One can encode a list of data d by generating pointers to the longest and most recent copies of each subsequence of length at least b using

PEncode[d_, b_ : 4] := Module[{i, a, u, v}, i = 2; a = {First[d]}; While[i ≤ Length[d], {u, v} = Last[Sort[Table[{MatchLength[d, i, j], j}, {j, i - 1}]]]; If[u ≥ b, AppendTo[a, p[i - v, u]]; i += u, AppendTo[a, d〚i〛]; i++]]; a]

MatchLength[d_, i_, j_] := With[{m = Length[d] - i}, Catch[Do[If[d〚i + k〛 =!= d〚j + k〛, Throw[k]], {k, 0, m}]; m + 1]]

The process of encoding can be made considerably faster by keeping a dictionary of previously encountered subsequences. One can reproduce the original data using

PDecode[a_] := Module[{d = Flatten[a /. p[j_, r_] Table[p[j], {r}]]}, Flatten[MapIndexed[If[Head[#1] === p, d〚#2〛 = d〚#2 - First[#1]〛 ,#1] &, d]]]

To get a representation purely in terms of 0 and 1, one can use a self-delimiting representation for each integer that appears. (Knowing the explicit representation one could then determine whether each block would be shorter if encoded literally or using a pointer.) The encoded version of a purely repetitive sequence of length n has a length that grows like Log[n]. The encoded version of a purely nested sequence grows like Log[n]^{2}. The encoded version of a sufficiently random sequence grows like n (with the specific encoding used in the text, the length is about 2n). Note that any sequence of 0's and 1's corresponds to the beginning of the encoding for some sequence or another.

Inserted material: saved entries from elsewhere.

(* There is an absolute constant $c>0$ such that the following holds. Let $G$ be a finite abelian group, let $B$ be a regular Bohr set of rank $d$, let $A \subset B$ have relative density at least $\alpha>0$, and let $B', B''$ be nonempty subsets of $B_{c\alpha/d}$. Then either (1) there is an $x \in B$ such that $1_A*\mu_{B'}(x) \geq \tfrac{3}{4}\alpha$ and $1_A*\mu_{B''}(x) \geq \tfrac{3}{4}\alpha$, or (2) $\|1_A*\mu_{B'}\|_\infty \geq \tfrac{9}{8}\alpha$ or $\|1_A*\mu_{B''}\|_\infty \geq \tfrac{9}{8}\alpha$.
   Context: $f*g(x)=\sum_{y} f(y)g(x-y)$; $1_X$ indicator, $\mu_X=1_X/|X|$; $\|F\|_\infty=\max|F|$. Bohr sets: $\mathrm{Bohr}(\Gamma,\rho)=\{x: |\gamma(x)-1|\le\rho\ \forall\gamma\in\Gamma\}$ for $\Gamma\subset\widehat G$, $(\Gamma,\rho)$ part of the data, rank $|\Gamma|$; $B_\tau=\mathrm{Bohr}(\Gamma,\tau\rho)$. $B$ of rank $d$ is regular if $1-12d|\tau|\le |B_{1+\tau}|/|B|\le 1+12d|\tau|$ for $|\tau|\le 1/(12d)$. *)

From HB Require Import structures.
From mathcomp Require Import all_boot all_order all_algebra.
Set Implicit Arguments. Unset Strict Implicit. Unset Printing Implicit Defensive.
Import Order.TTheory GRing.Theory Num.Theory.
Local Open Scope ring_scope.

Definition is_character (G : finZmodType) (C : numClosedFieldType)
  (g : {ffun G -> C}) : Prop :=
  g 0 = 1 /\ forall x y : G, g (x + y) = g x * g y.

Definition Bohr (G : finZmodType) (C : numClosedFieldType)
  (Gamma : seq {ffun G -> C}) (rho : C) : {set G} :=
  [set x : G | all (fun g : {ffun G -> C} => `|g x - 1| <= rho) Gamma].

Definition Bohr_dil (G : finZmodType) (C : numClosedFieldType)
  (Gamma : seq {ffun G -> C}) (rho tau : C) : {set G} :=
  Bohr Gamma (tau * rho).

Definition regular_Bohr (G : finZmodType) (C : numClosedFieldType)
  (Gamma : seq {ffun G -> C}) (rho : C) : Prop :=
  let d : C := (size Gamma)%:R in
  forall tau : C, tau \is Num.real -> `|tau| <= 1 / (12 * d) ->
    1 - 12 * d * `|tau|
      <= (#|Bohr_dil Gamma rho (1 + tau)|)%:R / (#|Bohr Gamma rho|)%:R
    /\ (#|Bohr_dil Gamma rho (1 + tau)|)%:R / (#|Bohr Gamma rho|)%:R
      <= 1 + 12 * d * `|tau|.

Definition indic (G : finZmodType) (C : numClosedFieldType) (X : {set G})
  : G -> C := fun x => if x \in X then 1 else 0.

Definition mu (G : finZmodType) (C : numClosedFieldType) (X : {set G})
  : G -> C := fun x => indic C X x / (#|X|)%:R.

Definition conv (G : finZmodType) (C : numClosedFieldType) (f g : G -> C)
  : G -> C := fun x => \sum_(y : G) f y * g (x - y).

(* Let D = B_{1-delta} with delta = alpha/(400 d). Regularity gives
   |D| >= (1 - 12 d delta)|B|, so A meets D in at least (1 - 3/100) alpha |B|
   points, and D + B' lies in B. Hence the sum of 1_A * mu_B' over B is at least
   |A :&: D|. If 1_A * mu_B' stays below 9/8 alpha, this forces it to be at least
   3/4 alpha on more than half of B; the same holds for B'', and two subsets of B
   of more than half its size meet. *)

From HB Require Import structures.
From mathcomp Require Import all_boot all_order all_algebra.
From mathcomp Require Import ring zify.

Set Implicit Arguments.
Unset Strict Implicit.
Unset Printing Implicit Defensive.
Import Order.TTheory GRing.Theory Num.Theory.
Local Open Scope ring_scope.

Section BohrSets.

Variables (G : finZmodType) (C : numClosedFieldType).
Implicit Types (Gamma : seq {ffun G -> C}) (g : {ffun G -> C}).

(* g(y)^|G| = 1, since translating by y permutes the factors of prod_x g(x). *)
Lemma character_norm1 {g} y : is_character g -> `|g y| = 1.
Proof.
move=> [g0 gD].
have gN0 x : g x != 0.
  apply/eqP=> gx0; have := gD x (- x).
  by rewrite subrr g0 gx0 mul0r; apply/eqP; rewrite oner_eq0.
have prod_neq0 : \prod_x g x != 0 by apply/prodf_neq0 => x _.
have prod_shift : \prod_x g x = \prod_x g x * g y ^+ #|G|.
  rewrite {1}(reindex_inj (addIr y)) /=.
  by under eq_bigr do rewrite gD; rewrite big_split /= prodr_const.
have gy_root : g y ^+ #|G| = 1 by apply: (mulfI prod_neq0); rewrite mulr1 -prod_shift.
have G_gt0 : (0 < #|G|)%N by apply/card_gt0P; exists 0.
apply/eqP; rewrite -(pexpr_eq1 G_gt0 (normr_ge0 _)) -normrX gy_root normr1.
by [].
Qed.

Lemma Bohr_subset Gamma r1 r2 : r1 <= r2 -> Bohr Gamma r1 \subset Bohr Gamma r2.
Proof.
move=> r12; apply/subsetP => x; rewrite !inE => /allP h.
by apply/allP => g gG; apply: le_trans (h g gG) r12.
Qed.

Lemma Bohr_add Gamma r1 r2 y b :
  (forall g, g \in Gamma -> is_character g) ->
  y \in Bohr Gamma r1 -> b \in Bohr Gamma r2 -> y + b \in Bohr Gamma (r1 + r2).
Proof.
move=> chars; rewrite !inE => /allP hy /allP hb; apply/allP => g gG.
have [_ gD] := chars g gG.
have -> : g (y + b) - 1 = g y * (g b - 1) + (g y - 1) by rewrite gD; ring.
apply: le_trans (ler_normD _ _) _.
rewrite normrM (character_norm1 y (chars g gG)) mul1r addrC.
by apply: lerD; [apply: hy | apply: hb].
Qed.

Lemma regular_Bohr_card_shrink Gamma rho delta :
  regular_Bohr Gamma rho -> (0 < size Gamma)%N -> 0 <= delta ->
  12 * (size Gamma)%:R * delta <= 1 -> (0 < #|Bohr Gamma rho|)%N ->
  (1 - 12 * (size Gamma)%:R * delta) * (#|Bohr Gamma rho|)%:R
    <= (#|Bohr_dil Gamma rho (1 - delta)|)%:R.
Proof.
move=> reg d_gt0 delta_ge0 delta_small B_gt0.
have d12_gt0 : 0 < 12 * (size Gamma)%:R :> C by rewrite mulr_gt0 ?ltr0n.
have delta_le : `|- delta| <= 1 / (12 * (size Gamma)%:R).
  by rewrite normrN ger0_norm // ler_pdivlMr // mulrC.
have Ndelta_real : - delta \is Num.real by rewrite realN ger0_real.
have [lb _] := reg (- delta) Ndelta_real delta_le.
by rewrite normrN ger0_norm // ler_pdivlMr ?ltr0n in lb.
Qed.

Lemma Bohr_dil_add Gamma rho delta y b :
  (forall g, g \in Gamma -> is_character g) ->
  y \in Bohr_dil Gamma rho (1 - delta) -> b \in Bohr_dil Gamma rho delta ->
  y + b \in Bohr Gamma rho.
Proof. by move=> chars yB bB; have := Bohr_add chars yB bB; rewrite -mulrDl subrK mul1r. Qed.

Lemma card_setI_Bohr_shrink Gamma rho delta (A : {set G}) (alpha : C) :
  regular_Bohr Gamma rho -> (0 < size Gamma)%N -> 0 < rho -> 0 <= delta ->
  12 * (size Gamma)%:R * delta <= 1 -> (0 < #|Bohr Gamma rho|)%N ->
  A \subset Bohr Gamma rho -> alpha <= (#|A|)%:R / (#|Bohr Gamma rho|)%:R ->
  (alpha - 12 * (size Gamma)%:R * delta) * (#|Bohr Gamma rho|)%:R
    <= (#|A :&: Bohr_dil Gamma rho (1 - delta)|)%:R.
Proof.
move=> reg d_gt0 rho_gt0 delta_ge0 delta_small B_gt0 AB dens.
have card_D := regular_Bohr_card_shrink reg d_gt0 delta_ge0 delta_small B_gt0.
set B := Bohr Gamma rho in AB dens card_D *; set D := Bohr_dil _ _ _ in card_D *.
set e := 12 * _ * delta in card_D *.
have D_sub : D \subset B by rewrite Bohr_subset // ler_piMl ?(ltW rho_gt0) // gerBl.
rewrite ler_pdivlMr ?ltr0n // in dens.
rewrite -(lerD2l (#|B|)%:R).
have -> : (#|B|)%:R + (alpha - e) * (#|B|)%:R = alpha * (#|B|)%:R + (1 - e) * (#|B|)%:R.
  by ring.
apply: le_trans (lerD dens card_D) _; rewrite -!natrD ler_nat.
by rewrite -cardsUI leq_add2r subset_leq_card // subUset AB D_sub.
Qed.

End BohrSets.

Section Convolution.

Variables (G : finZmodType) (C : numClosedFieldType).
Implicit Types (A B D X : {set G}).

Lemma indic_ge0 X x : 0 <= indic C X x.
Proof. by rewrite /indic; case: ifP. Qed.

Lemma sum_indic X : \sum_x indic C X x = (#|X|)%:R.
Proof. by rewrite /indic -big_mkcond /= sumr_const. Qed.

Lemma mu_ge0 X x : 0 <= mu C X x.
Proof. by rewrite divr_ge0 ?indic_ge0. Qed.

Lemma sum_mu X : X != set0 -> \sum_x mu C X x = 1.
Proof.
by move=> X0; rewrite /mu -mulr_suml sum_indic divff // pnatr_eq0 -lt0n card_gt0.
Qed.

Lemma conv_indic_mu_ge0 A B x : 0 <= conv (indic C A) (mu C B) x.
Proof. by apply: sumr_ge0 => y _; rewrite mulr_ge0 ?indic_ge0 ?mu_ge0. Qed.

Lemma conv_indic_mu_le A B (M : C) x :
  0 <= M -> ~~ (M <= `|conv (indic C A) (mu C B) x|) -> conv (indic C A) (mu C B) x <= M.
Proof.
move=> M_ge0; rewrite ger0_norm ?conv_indic_mu_ge0 // => not_ge.
by apply: ltW; rewrite real_ltNge ?ger0_real ?conv_indic_mu_ge0.
Qed.

(* Each y in A :&: D contributes its full mass, since y + B' stays in B. *)
Lemma card_setI_le_sum_conv A B B' D :
  B' != set0 -> (forall y b, y \in D -> b \in B' -> y + b \in B) ->
  (#|A :&: D|)%:R <= \sum_(x in B) conv (indic C A) (mu C B') x.
Proof.
move=> B'_neq0 DB'_sub; rewrite /conv exchange_big /= -sum_indic.
apply: ler_sum => y _; rewrite -mulr_sumr.
have [yAD | yNAD] := boolP (y \in A :&: D); last first.
  by rewrite {1}/indic (negbTE yNAD) mulr_ge0 ?indic_ge0 ?sumr_ge0 // => x _; apply: mu_ge0.
move: (yAD); rewrite inE => /andP [yA yD].
rewrite /indic yAD yA mul1r.
have -> : \sum_(x in B) mu C B' (x - y) = \sum_x mu C B' (x - y).
  rewrite big_mkcond; apply: eq_bigr => x _; case: ifP => // xNB.
  rewrite /mu /indic; case: ifP => [xyB' | _]; last by rewrite mul0r.
  by move: (DB'_sub _ _ yD xyB'); rewrite addrC subrK xNB.
rewrite (reindex_inj (addIr y)) /=.
by under eq_bigr do rewrite addrK; rewrite sum_mu.
Qed.

End Convolution.

Lemma sum_le_level_set (T : finType) (R : numDomainType) (f : T -> R)
    (B : {set T}) (a M : R) :
  0 <= a -> (forall x, 0 <= f x) -> (forall x, f x <= M) ->
  \sum_(x in B) f x
    <= a * (#|B|)%:R + (M - a) * (#|[set x in B | a <= f x]|)%:R.
Proof.
move=> a_ge0 f_ge0 f_leM.
have cardS : #|[set x in B | a <= f x]| = (\sum_(x in B) nat_of_bool (a <= f x)%R)%N.
  rewrite -sum1_card (eq_bigl (fun x => (x \in B) && (a <= f x)%R)) => [|x]; last by rewrite inE.
  by rewrite big_mkcondr; apply: eq_bigr => x _; case: ifP.
rewrite cardS -[#|B|]sum1_card !natr_sum !mulr_sumr -big_split /=.
apply: ler_sum => x _.
have [af | aNf] := boolP (a <= f x); rewrite /= ?mulr1 ?mulr0 ?addr0.
  by rewrite addrC subrK.
by apply: ltW; rewrite real_ltNge ?aNf // ger0_real.
Qed.

Lemma density_bounds (T : finType) (F : numFieldType) (A B : {set T}) (alpha : F) :
  0 < alpha -> A \subset B -> alpha <= (#|A|)%:R / (#|B|)%:R ->
  (0 < #|B|)%N /\ alpha <= 1.
Proof.
move=> alpha_gt0 AB dens; have B_gt0 : (0 < #|B|)%N.
  rewrite lt0n; apply/eqP => B_empty; move: dens.
  by rewrite B_empty invr0 mulr0 => /(lt_le_trans alpha_gt0); rewrite ltxx.
split=> //; apply: le_trans dens _.
by rewrite ler_pdivrMr ?ltr0n // mul1r ler_nat subset_leq_card.
Qed.

Lemma setI_neq0_card_gt_half (T : finType) (X S1 S2 : {set T}) :
  S1 \subset X -> S2 \subset X -> (#|X| < 2 * #|S1|)%N -> (#|X| < 2 * #|S2|)%N ->
  S1 :&: S2 != set0.
Proof.
move=> S1X S2X; rewrite -card_gt0.
have := cardsUI S1 S2.
have : (#|S1 :|: S2| <= #|X|)%N by rewrite subset_leq_card // subUset S1X S2X.
lia.
Qed.

(* The constants fit because (97/100 - 3/4) / (9/8 - 3/4) = 44/75 > 1/2. *)
Lemma conv_level_set_gt_half (G : finZmodType) (C : numClosedFieldType)
    (A B B' D : {set G}) (alpha : C) :
  0 < alpha -> B' != set0 ->
  (forall y b, y \in D -> b \in B' -> y + b \in B) ->
  97 / 100 * alpha * (#|B|)%:R <= (#|A :&: D|)%:R ->
  (forall x, conv (indic C A) (mu C B') x <= 9 / 8 * alpha) ->
  (0 < #|B|)%N ->
  (#|B| < 2 * #|[set x in B | (3 / 4 * alpha <= conv (indic C A) (mu C B') x)%R]|)%N.
Proof.
move=> alpha_gt0 B'_neq0 DB'_sub AD_large conv_le B_gt0.
set S := [set x in B | _].
have level_bound : 97 / 100 * alpha * (#|B|)%:R
    <= 3 / 4 * alpha * (#|B|)%:R + (9 / 8 * alpha - 3 / 4 * alpha) * (#|S|)%:R.
  apply: le_trans AD_large _; apply: le_trans (card_setI_le_sum_conv C A B'_neq0 DB'_sub) _.
  apply: sum_le_level_set => //; first by rewrite mulr_ge0 ?divr_ge0 ?ltW.
  exact: conv_indic_mu_ge0.
have E1 : 97 / 100 * alpha * (#|B|)%:R = alpha / 200 * (194 * #|B|)%:R.
  by rewrite natrM; field.
have E2 : 3 / 4 * alpha * (#|B|)%:R + (9 / 8 * alpha - 3 / 4 * alpha) * (#|S|)%:R
    = alpha / 200 * (150 * #|B| + 75 * #|S|)%:R.
  by rewrite natrD !natrM; field.
move: level_bound; rewrite E1 E2 ler_pM2l ?divr_gt0 // ler_nat.
lia.
Qed.

Theorem lemma12 :
  exists c : rat, 0 < c /\
  forall (C : numClosedFieldType) (G : finZmodType)
         (Gamma : seq {ffun G -> C}) (rho : C),
    uniq Gamma ->
    (forall g, g \in Gamma -> is_character g) ->
    (0 < size Gamma)%N ->
    0 < rho ->
    regular_Bohr Gamma rho ->
  forall (alpha : C) (A B' B'' : {set G}),
    0 < alpha ->
    A \subset Bohr Gamma rho ->
    alpha <= (#|A|)%:R / (#|Bohr Gamma rho|)%:R ->
    B' != set0 -> B'' != set0 ->
    B' \subset Bohr_dil Gamma rho (ratr c * alpha / (size Gamma)%:R) ->
    B'' \subset Bohr_dil Gamma rho (ratr c * alpha / (size Gamma)%:R) ->
    (exists2 x : G, x \in Bohr Gamma rho &
       (3 / 4 * alpha <= conv (indic C A) (mu C B') x
        /\ 3 / 4 * alpha <= conv (indic C A) (mu C B'') x))
    \/ ((exists x : G, 9 / 8 * alpha <= `|conv (indic C A) (mu C B') x|)
        \/ (exists x : G, 9 / 8 * alpha <= `|conv (indic C A) (mu C B'') x|)).
Proof.
exists 400%:R^-1; split; first by rewrite invr_gt0 ltr0n.
move=> C G Gamma rho _ chars d_gt0 rho_gt0 reg alpha A B' B'' alpha_gt0 AB dens
  B'_neq0 B''_neq0 B'_sub B''_sub.
rewrite fmorphV rmorph_nat in B'_sub B''_sub.
set B := Bohr Gamma rho in AB dens reg *; set d := size Gamma in d_gt0 reg B'_sub B''_sub.
set delta := 400%:R^-1 * alpha / d%:R in B'_sub B''_sub.
have [B_gt0 alpha_le1] := density_bounds alpha_gt0 AB dens.
have d12delta : 12 * d%:R * delta = 3 / 100 * alpha.
  by rewrite /delta; field; rewrite pnatr_eq0 -lt0n.
have delta_ge0 : 0 <= delta by rewrite /delta !mulr_ge0 ?invr_ge0 ?ler0n ?ltW.
have delta_small : 12 * d%:R * delta <= 1.
  rewrite d12delta; apply: le_trans alpha_le1.
  by rewrite ler_piMl ?(ltW alpha_gt0) // ler_pdivrMr ?ltr0n // mul1r ler_nat.
have AD_large := card_setI_Bohr_shrink reg d_gt0 rho_gt0 delta_ge0 delta_small B_gt0 AB dens.
rewrite d12delta (_ : alpha - 3 / 100 * alpha = 97 / 100 * alpha) in AD_large; last by field.
have half (E : {set G}) : E != set0 -> E \subset Bohr_dil Gamma rho delta ->
    (forall x, (9 / 8 * alpha <= `|conv (indic C A) (mu C E) x|) = false) ->
    (#|B| < 2 * #|[set x in B | (3 / 4 * alpha <= conv (indic C A) (mu C E) x)%R]|)%N.
  move=> E_neq0 /subsetP E_sub small.
  apply: (conv_level_set_gt_half alpha_gt0 E_neq0 _ AD_large _ B_gt0) => [y b yD /E_sub|x].
    exact: Bohr_dil_add.
  by apply: conv_indic_mu_le; rewrite ?small // mulr_ge0 ?divr_ge0 ?ltW.
case: (pickP (fun x => 9 / 8 * alpha <= `|conv (indic C A) (mu C B') x|))
  => [x big' | small'].
  by right; left; exists x.
case: (pickP (fun x => 9 / 8 * alpha <= `|conv (indic C A) (mu C B'') x|))
  => [x big'' | small''].
  by right; right; exists x.
left; have /set0Pn [x] : [set x in B | (3 / 4 * alpha <= conv (indic C A) (mu C B') x)%R]
    :&: [set x in B | (3 / 4 * alpha <= conv (indic C A) (mu C B'') x)%R] != set0.
  by apply: (setI_neq0_card_gt_half _ _ (half _ B'_neq0 B'_sub small')
    (half _ B''_neq0 B''_sub small''));
    apply/subsetP => y; rewrite inE => /andP [].
by move=> /setIP [/setIdP [xB h'] /setIdP [_ h'']]; exists x.
Qed.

It is possible to construct sequences whose encoded versions grow roughly like fractional powers of n. An example is the sequence Table[Append[Table[0, {r}], 1], {r, s}] whose encoded version grows like √n Log[n]. Cyclic tag systems often seem to produce sequences whose encoded versions grow like fractional powers of n. Sequences produced by concatenation sequences are not typically compressed by pointer encoding.

With completely random input, the probability that the length b subsequence which begins at element n is a repeat of a previous subsequence is roughly 1 - (1 - 2^{-b})^{n - 1}. The overall fraction of a length n input that consists of repeats of length at least b is greater than 1 - 2^{b}/n and is essentially

1 - Sum[(1 - 2^{-b})^{i} Product[1 + (1 - 2^{-b})^{j} - (1 - 2^{-b - 1})^{j}, {j, i - b + 1, i - 1}], {i, b, n - b}]/(n - 2b + 1)